Hoplia heterolepis

Scientific classification
- Kingdom: Animalia
- Phylum: Arthropoda
- Class: Insecta
- Order: Coleoptera
- Suborder: Polyphaga
- Infraorder: Scarabaeiformia
- Family: Scarabaeidae
- Genus: Hoplia
- Species: H. heterolepis
- Binomial name: Hoplia heterolepis Prokofiev, 2015

= Hoplia heterolepis =

- Genus: Hoplia
- Species: heterolepis
- Authority: Prokofiev, 2015

Species of beetle

Hoplia heterolepis is a species of beetle of the family Scarabaeidae.

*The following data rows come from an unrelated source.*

(* Let $T$ be a triangle from a shape-regular family ($h_T\le\varrho r_T$), $\Gamma_{h,T}$ an open line segment with endpoints on $\partial T$ dividing $T$ into nonempty open parts $T_h^\pm$, and $\mu^\pm>0$. There is a constant $C>0$ independent of $h_T$ and of the location of $\Gamma_{h,T}$ such that $$h_T\|[\![q_h^\pm]\!]\|^2_{L^2(\Gamma_{h,T})}\le C|\mathbf{v}_h|^2_{H^1(T)}\qquad\forall(\mathbf{v}_h,q_h)\in\mathbf{V}M_h^{IFE}(T),$$ where $[\![q_h^\pm]\!]=q_h^+-q_h^-$.
   Context: $\mathbf{n}_h$ is the unit normal of $\Gamma_{h,T}$ pointing into $T_h^+$; $\sigma(\mu,\mathbf{v},q)=2\mu\boldsymbol{\epsilon}(\mathbf{v})-q\mathbb{I}$, $\boldsymbol{\epsilon}(\mathbf{v})=\frac12(\nabla\mathbf{v}+(\nabla\mathbf{v})^T)$. $\mathbf{V}M_h^{IFE}(T)$ is the set of pairs $(\mathbf{v},q)$ equal to $(\mathbf{v}^\pm,q^\pm)$ on $T_h^\pm$, where $\mathbf{v}^\pm\in P_1(T)^2$, $q^\pm\in P_0(T)$ satisfy $\sigma(\mu^+,\mathbf{v}^+,q^+)\mathbf{n}_h=\sigma(\mu^-,\mathbf{v}^-,q^-)\mathbf{n}_h$, $\mathbf{v}^+=\mathbf{v}^-$ on $\Gamma_{h,T}$, $\nabla\cdot\mathbf{v}^+=\nabla\cdot\mathbf{v}^-$; $q_h^\pm$ denote the constant pieces of $q_h$. *)

From HB Require Import structures.
From mathcomp Require Import all_boot all_order all_algebra.
From mathcomp Require Import all_classical all_reals all_analysis.
Set Implicit Arguments. Unset Strict Implicit. Unset Printing Implicit Defensive.
Import Order.TTheory GRing.Theory Num.Theory.
Local Open Scope classical_set_scope.
Local Open Scope ring_scope.

Definition xc (R : realType) (u : 'cV[R]_2) : R := u ord0 ord0.
Definition yc (R : realType) (u : 'cV[R]_2) : R := u ord_max ord0.
Definition mkv (R : realType) (a b : R) : 'cV[R]_2 :=
  \col_i (if i == ord0 then a else b).

Definition dotv (R : realType) (u v : 'cV[R]_2) : R := xc u * xc v + yc u * yc v.
Definition normv (R : realType) (u : 'cV[R]_2) : R := Num.sqrt (dotv u u).
Definition rot (R : realType) (u : 'cV[R]_2) : 'cV[R]_2 := mkv (- yc u) (xc u).

Definition lam2 (R : realType) (S : set 'cV[R]_2) : \bar R :=
  ((@lebesgue_measure R) \x (@lebesgue_measure R))%E
    [set p : R * R | S (mkv p.1 p.2)].
Definition area (R : realType) (S : set 'cV[R]_2) : R := fine (lam2 S).

Definition cseg (R : realType) (a b : 'cV[R]_2) : set 'cV[R]_2 :=
  [set x | exists t : R, 0 <= t <= 1 /\ x = (1 - t) *: a + t *: b].
Definition oseg (R : realType) (a b : 'cV[R]_2) : set 'cV[R]_2 :=
  [set x | exists t : R, 0 < t < 1 /\ x = (1 - t) *: a + t *: b].

Definition tri_det (R : realType) (a b c : 'cV[R]_2) : R :=
  xc (b - a) * yc (c - a) - yc (b - a) * xc (c - a).
Definition tri_nondeg (R : realType) (a b c : 'cV[R]_2) : Prop :=
  tri_det a b c != 0.
Definition tri (R : realType) (a b c : 'cV[R]_2) : set 'cV[R]_2 :=
  [set x | exists l1 l2 l3 : R, [/\ 0 < l1, 0 < l2, 0 < l3, l1 + l2 + l3 = 1 &
     x = l1 *: a + l2 *: b + l3 *: c]].
Definition tri_bd (R : realType) (a b c : 'cV[R]_2) : set 'cV[R]_2 :=
  cseg a b `|` cseg b c `|` cseg c a.
(* diameter h_T (= longest edge) *)
Definition diam (R : realType) (a b c : 'cV[R]_2) : R :=
  Num.max (normv (b - a)) (Num.max (normv (c - b)) (normv (a - c))).
(* inradius r_T = 2 |T| / perimeter *)
Definition inradius (R : realType) (a b c : 'cV[R]_2) : R :=
  `|tri_det a b c| / (normv (b - a) + normv (c - b) + normv (a - c)).

(* interface segment Gamma = ]p1,p2[, unit normal n_h, and subelements T^+/T^- *)
Definition nrm (R : realType) (p1 p2 : 'cV[R]_2) : 'cV[R]_2 :=
  (normv (p2 - p1))^-1 *: rot (p2 - p1).
Definition Tplus (R : realType) (a b c p1 p2 : 'cV[R]_2) : set 'cV[R]_2 :=
  [set x | tri a b c x /\ 0 < dotv (x - p1) (nrm p1 p2)].
Definition Tminus (R : realType) (a b c p1 p2 : 'cV[R]_2) : set 'cV[R]_2 :=
  [set x | tri a b c x /\ dotv (x - p1) (nrm p1 p2) < 0].

(* An element v of P_1(T)^2 is x |-> G *m x + w; its gradient is G. *)
Definition epsm (R : realType) (G : 'M[R]_2) : 'M[R]_2 := 2^-1 *: (G + G^T).
Definition sigma (R : realType) (mu : R) (G : 'M[R]_2) (q : R) : 'M[R]_2 :=
  (2 * mu) *: epsm G - q%:M.

(* (v,q) in VM_h^IFE(T): v = (G^+ x + w^+, G^- x + w^-), q = (q^+, q^-) *)
Definition IFE (R : realType) (mup mum : R) (p1 p2 : 'cV[R]_2)
  (Gp : 'M[R]_2) (wp : 'cV[R]_2) (qp : R)
  (Gm : 'M[R]_2) (wm : 'cV[R]_2) (qm : R) : Prop :=
  [/\ sigma mup Gp qp *m nrm p1 p2 = sigma mum Gm qm *m nrm p1 p2,
      (forall x, oseg p1 p2 x -> Gp *m x + wp = Gm *m x + wm) &
      \tr Gp = \tr Gm].

Definition frob2 (R : realType) (G : 'M[R]_2) : R := \sum_i \sum_j (G i j) ^+ 2.

(* |v|_{H^1(T)}^2 = int_{T^+} |grad v^+|^2 + int_{T^-} |grad v^-|^2 *)
Definition H1semi2 (R : realType) (a b c p1 p2 : 'cV[R]_2) (Gp Gm : 'M[R]_2) : R :=
  area (Tplus a b c p1 p2) * frob2 Gp + area (Tminus a b c p1 p2) * frob2 Gm.

(* ||[[q]]||^2_{L^2(Gamma)} for piecewise constant q: |Gamma| (q^+ - q^-)^2 *)
Definition jumpL2sq (R : realType) (p1 p2 : 'cV[R]_2) (qp qm : R) : R :=
  normv (p2 - p1) * (qp - qm) ^+ 2.

From Pilot Require Import Defs.
From HB Require Import structures.
From mathcomp Require Import all_boot all_order all_algebra.
From mathcomp Require Import all_classical all_reals all_analysis.
From mathcomp Require Import measurable_realfun ring lra.
Import Order.TTheory GRing.Theory Num.Theory.
Local Open Scope classical_set_scope.
Local Open Scope ring_scope.
Set Implicit Arguments.
Unset Strict Implicit.
Unset Printing Implicit Defensive.

(* The interface conditions control the pressure jump by the gradients G^+, G^- of
   v^+, v^-.  The normal traction condition gives
   q^+ - q^- = 2 mu^+ n.(G^+ n) - 2 mu^- n.(G^- n).  Continuity of v along Gamma and
   equal divergences make G^+ - G^- a trace-free matrix killing the tangent t, so its
   norm is its t-n shear strain, which the tangential traction condition ties to the
   shear strain of G^+ alone; hence |G^-| <= C |G^+|, and (q^+ - q^-)^2 is bounded by
   K |G^+|^2 and by K |G^-|^2.  On the geometric side, |Gamma| <= h_T, and the square of
   side r_T/6 with a corner at the centroid, pointing along the signs of the coordinates
   of n, lies in T (it stays within r_T/3 of the centroid) and on the side of Gamma
   containing the centroid.  So one of T^+, T^- has area at least
   (r_T/6)^2 >= h_T^2 / (36 rho^2), which turns h_T |Gamma| (q^+ - q^-)^2 <= h_T^2 K |G^s|^2
   into the claimed bound by the H^1 seminorm on that subelement. *)

(* Without this, [seq.rot] would shadow the rotation of [Defs]. *)
Local Notation rot := Defs.rot.

Section Coordinates.
Variable R : realType.
Implicit Types (u v x : 'cV[R]_2) (A : 'M[R]_2).

Lemma cV2P u v : xc u = xc v -> yc u = yc v -> u = v.
Proof.
move=> ex ey; apply/matrixP => i j; rewrite (ord1 j).
case: i => -[|[|//]] lti; [move: ex | move: ey]; rewrite /xc /yc;
  by congr (u _ _ = v _ _); apply: val_inj.
Qed.

Lemma xc_mkv (a b : R) : xc (mkv a b) = a. Proof. by rewrite /xc mxE. Qed.
Lemma yc_mkv (a b : R) : yc (mkv a b) = b. Proof. by rewrite /yc mxE. Qed.
Lemma xcD u v : xc (u + v) = xc u + xc v. Proof. by rewrite /xc mxE. Qed.
Lemma ycD u v : yc (u + v) = yc u + yc v. Proof. by rewrite /yc mxE. Qed.
Lemma xcN u : xc (- u) = - xc u. Proof. by rewrite /xc mxE. Qed.
Lemma ycN u : yc (- u) = - yc u. Proof. by rewrite /yc mxE. Qed.
Lemma xcZ (s : R) u : xc (s *: u) = s * xc u. Proof. by rewrite /xc mxE. Qed.
Lemma ycZ (s : R) u : yc (s *: u) = s * yc u. Proof. by rewrite /yc mxE. Qed.
Lemma xc0 : xc (0 : 'cV[R]_2) = 0. Proof. by rewrite /xc mxE. Qed.
Lemma yc0 : yc (0 : 'cV[R]_2) = 0. Proof. by rewrite /yc mxE. Qed.

Lemma widen_ord_max_ord0 : widen_ord (leqnSn 1) ord_max = ord0 :> 'I_2.
Proof. exact: val_inj. Qed.

Lemma mulmx2E A v i : (A *m v) i ord0 = A i ord0 * xc v + A i ord_max * yc v.
Proof. by rewrite mxE !big_ord_recr big_ord0 /= add0r [widen_ord _ _]widen_ord_max_ord0. Qed.

Lemma xcM A v : xc (A *m v) = A ord0 ord0 * xc v + A ord0 ord_max * yc v.
Proof. exact: mulmx2E. Qed.
Lemma ycM A v : yc (A *m v) = A ord_max ord0 * xc v + A ord_max ord_max * yc v.
Proof. exact: mulmx2E. Qed.

Lemma mxtrace2E A : \tr A = A ord0 ord0 + A ord_max ord_max.
Proof. by rewrite /mxtrace !big_ord_recr big_ord0 /= add0r [widen_ord _ _]widen_ord_max_ord0. Qed.

Lemma frob2E A : frob2 A =
  A ord0 ord0 ^+ 2 + A ord0 ord_max ^+ 2 + A ord_max ord0 ^+ 2 + A ord_max ord_max ^+ 2.
Proof.
by rewrite /frob2 !big_ord_recr !big_ord0 /= !add0r addrA [widen_ord _ _]widen_ord_max_ord0.
Qed.

Definition coordE := (xc_mkv, yc_mkv, xcD, ycD, xcN, ycN, xcZ, ycZ, xc0, yc0, xcM, ycM).

End Coordinates.

Section EuclideanPlane.
Variable R : realType.
Implicit Types (u v w x y p q : 'cV[R]_2).

Lemma dotv_ge0 u : 0 <= dotv u u.
Proof. by rewrite /dotv -!expr2 addr_ge0 ?sqr_ge0. Qed.

Lemma dotv_gt0 u : u != 0 -> 0 < dotv u u.
Proof.
move=> u0; rewrite lt_def dotv_ge0 andbT; apply: contra u0.
rewrite /dotv -!expr2 => /eqP u2.
have := sqr_ge0 (xc u); have := sqr_ge0 (yc u) => y0 x0.
by apply/eqP; apply: cV2P; rewrite !coordE; apply/eqP;
  rewrite -sqrf_eq0 eq_le sqr_ge0 andbT; lra.
Qed.

Lemma normv_ge0 u : 0 <= normv u. Proof. exact: sqrtr_ge0. Qed.

Lemma normv_sqr u : normv u ^+ 2 = dotv u u.
Proof. exact/sqr_sqrtr/dotv_ge0. Qed.

Lemma normv0 : normv (0 : 'cV[R]_2) = 0.
Proof. by rewrite /normv /dotv !coordE mulr0 addr0 sqrtr0. Qed.

Lemma normv_distC u v : normv (u - v) = normv (v - u).
Proof. by rewrite /normv /dotv !coordE; congr Num.sqrt; ring. Qed.

Lemma normv_le u (d : R) : 0 <= d -> dotv u u <= d ^+ 2 -> normv u <= d.
Proof. by move=> d0 /ler_wsqrtr; rewrite sqrtr_sqr ger0_norm. Qed.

It is found in Vietnam.

== Description ==
Adults reach a length of about 5.5-6 mm. The colour of their body ranges from reddish-brown to black. There are reddish-brown, brownish, golden and black scales on the dorsum. The latter forming two longitudinal discal bands on the pronotum and a spot on each side of these stripes, as well as an S-shaped pattern on the elytra. The pygidium, underside and legs have golden, dull and slightly shiny scales. There are black setae on the pronotum, elytra, head, underside, legs and pygidium.

== Etymology ==
The species name is derived from Greek and means covered with various scales, referring to the uneven size of the scales on the body.